Israele – La pace inesplosa
Come il gioco di specchi in cui l’immagine si riflette infinite volte, il processo di pace tra israeliani e palestinesi riflette sempre lo stesso scenario: avvio di accordi da una parte, ordigni per farli saltare dall’altra. La dinamica si è ripetuta ieri quando su un autobus di Bat Yam, città a sud di Tel Aviv, un passeggero ha trovato in una borsa incustodita una bomba. Grazie al suo intervento e a quello dell’autista, nessuno è rimasto ferito e l’ordigno rudimentale è esploso quando l’autobus era vuoto. Un attacco terroristico, ha dichiarato lo Shin Bet, servizio di sicurezza interno israeliano. Il tutto mentre il segretario di Stato americano John Kerry prepara una bozza di accordi da proporre a israeliani e palestinesi per dare una svolta positiva al conflitto. Speranze di pace, ancora inesplose ma sempre sotto attacco come dimostra l’esempio di Bat Yam, per cui l’azione non è ancora stata rivendicata (l’organizzazione terroristica di Hamas si è detta estranea ma non ha fatto mancare il suo plauso a un attentato che avrebbe potuto fare vittime tra i civili israeliani). O ancora, come dimostra il razzo qassam piovuto ad Ashkelon vicino una fermata di uno scuolautobus. Nessun ferito ma l’ennesimo segnale lanciato dalla Striscia di Gaza contro il processo di pace, in cui è la Cisgiordania di Mahmud Abbas, presidente dell’Autorità nazionale palestinese, ad avere voce in capitolo. E proprio ad Abbas, così come al primo ministro israeliano Benjamin Netanyahu, secondo quanto riporta il Jerusalem Post, Kerry avrebbe presentato il famoso lavoro di 160 esperti diplomatici americani, guidati dall’ex generale dei marine John Allen, in cui sono delineate alcune idee per assicurare i confini di Israele e del futuro stato palestinese. Tra cui la presenza dell’esercito israeliano nella Valle del Giordano per un periodo di 10-15 anni, dopo la costituzione del nuovo Stato. Un’idea che non è piaciuta ad Abbas né alla Lega Araba, secondo cui non un soldato israeliano potrà mettere piede nella futura Palestina mentre sarebbe da considerare la possibilità di prevedere il dislocamento di forze internazionali nella zona.

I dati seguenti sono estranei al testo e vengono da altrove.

Lemma is_derive_prod_gamma_cdf (g : R) : 0 < g ->
  is_derive g 1 (fun x => \prod_(k < K) gamma_cdf (a k) (b k) (Num.sqrt (PL k / gbar * x)))
    (\sum_(j < K)
       powR (PL j / gbar * g) ((a j - 1) / 2)
       * expR (- Num.sqrt (PL j / (gbar * b j ^+ 2) * g))
       / (2 * powR (b j) (a j) * Gamma (a j) * Num.sqrt (gbar / PL j * g))
       * \prod_(k < K | k != j) gamma_cdf (a k) (b k) (Num.sqrt (PL k / gbar * g))).
Proof.
move=> g_gt0.
have := is_derive_prod (h := fun k x => gamma_cdf (a k) (b k) (Num.sqrt (PL k / gbar * x)))
  (enum_uniq 'I_K)
  (fun k _ => is_derive_gamma_cdf_sqrt (a_gt0 k) (b_gt0 k) (PL_gt0 k) gbar_gt0 g_gt0).
under eq_fun do rewrite big_enum.
move/is_derive_eq; apply; rewrite big_enum; apply: eq_bigr => j _.
by rewrite big_enum_cond.
Qed.

End ProductOfGammaCDFs.

Theorem theorem2 (d : measure_display) (T : measurableType d) (R : realType)
  (P : probability T R) (K : nat) (hK : (0 < K)%N)
  (a b PL : 'I_K -> R) (gbar : R)
  (ha : forall k, 0 < a k) (hb : forall k, 0 < b k) (hPL : forall k, 0 < PL k)
  (hgbar : 0 < gbar)
  (Z : 'I_K -> {RV P >-> R})
  (hZ : forall k, gamma_distributed (Z k) (a k) (b k))
  (hind : mutually_independent Z) :
  let gam := fun (k : 'I_K) (t : T) => gbar / PL k * (Z k t) ^+ 2 in
  let gstar := fun t : T => \big[Num.max/0]_(k < K) gam k t in
  let F := fun g : R => fine (P [set t | gstar t <= g]) in
  (forall g : R, 0 <= g ->
     is_msum (enum 'I_K)
       (fun ns => (\prod_(k < K) coef (a k) (b k) (PL k) gbar (ns k))
                  * powR g ((\sum_(k < K) (a k + (ns k)%:R)) / 2))
       (F g))
  /\
  (forall g : R, 0 < g ->
     exists S : 'I_K -> R,
       (forall j : 'I_K,
          is_msum [seq k <- enum 'I_K | k != j]
            (fun ns => (\prod_(k < K | k != j) coef (a k) (b k) (PL k) gbar (ns k))
                       * powR g ((\sum_(k < K | k != j) (a k + (ns k)%:R)) / 2))
            (S j))
       /\ is_derive g 1 F
            (\sum_(j < K)
               powR (PL j / gbar * g) ((a j - 1) / 2)
               * expR (- Num.sqrt (PL j / (gbar * b j ^+ 2) * g))
               / (2 * powR (b j) (a j) * Gamma (a j) * Num.sqrt (gbar / PL j * g))
               * S j)).
Proof.
move=> gam gstar F.
have F_prod : F = fun x => \prod_(k < K) gamma_cdf (a k) (b k) (Num.sqrt (PL k / gbar * x)).
  apply/funext => x; under eq_bigr do rewrite -[PL _ / gbar]invf_div.
  exact: (cdf_bigmax_scaled_sqr (c := fun k => gbar / PL k) _ hK ha hb
    (fun k => divr_gt0 hgbar (hPL k)) hZ hind).
split=> [g g_ge0|g g_gt0].
  by rewrite F_prod -[enum _]filter_predT; exact: is_msum_prod_gamma_cdf.
exists (fun j => \prod_(k < K | k != j) gamma_cdf (a k) (b k) (Num.sqrt (PL k / gbar * g))).
split=> [j|]; first exact/is_msum_prod_gamma_cdf/ltW.
by rewrite F_prod; exact: is_derive_prod_gamma_cdf.
Qed.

Secondo il capo dei negoziatori palestinesi Saeb Erekat la firma di un accordo quadro con Israele è possibile ma non nei tempi che erano stati fissati in precedenza (aprile 2014). In ogni caso il dialogo tra le parti non sta avvenendo direttamente ma è la diplomazia americana a fare da tramite. Kerry sembra, almeno apparentemente, sicuro di riuscire a portare a casa un risultato. Un successo per l’amministrazione Obama tanto agognato e che porterebbe il presidente Nobel della pace nuovamente al centro degli equilibri mondiali. Gli americani ci provano con il conflitto israelo-palestinese così come con il disarmo dell’Iran. Le variabili, però, sono molte: il campanello di allarme suonato a Bat Yam non è che un esempio di come la situazione può facilmente complicarsi.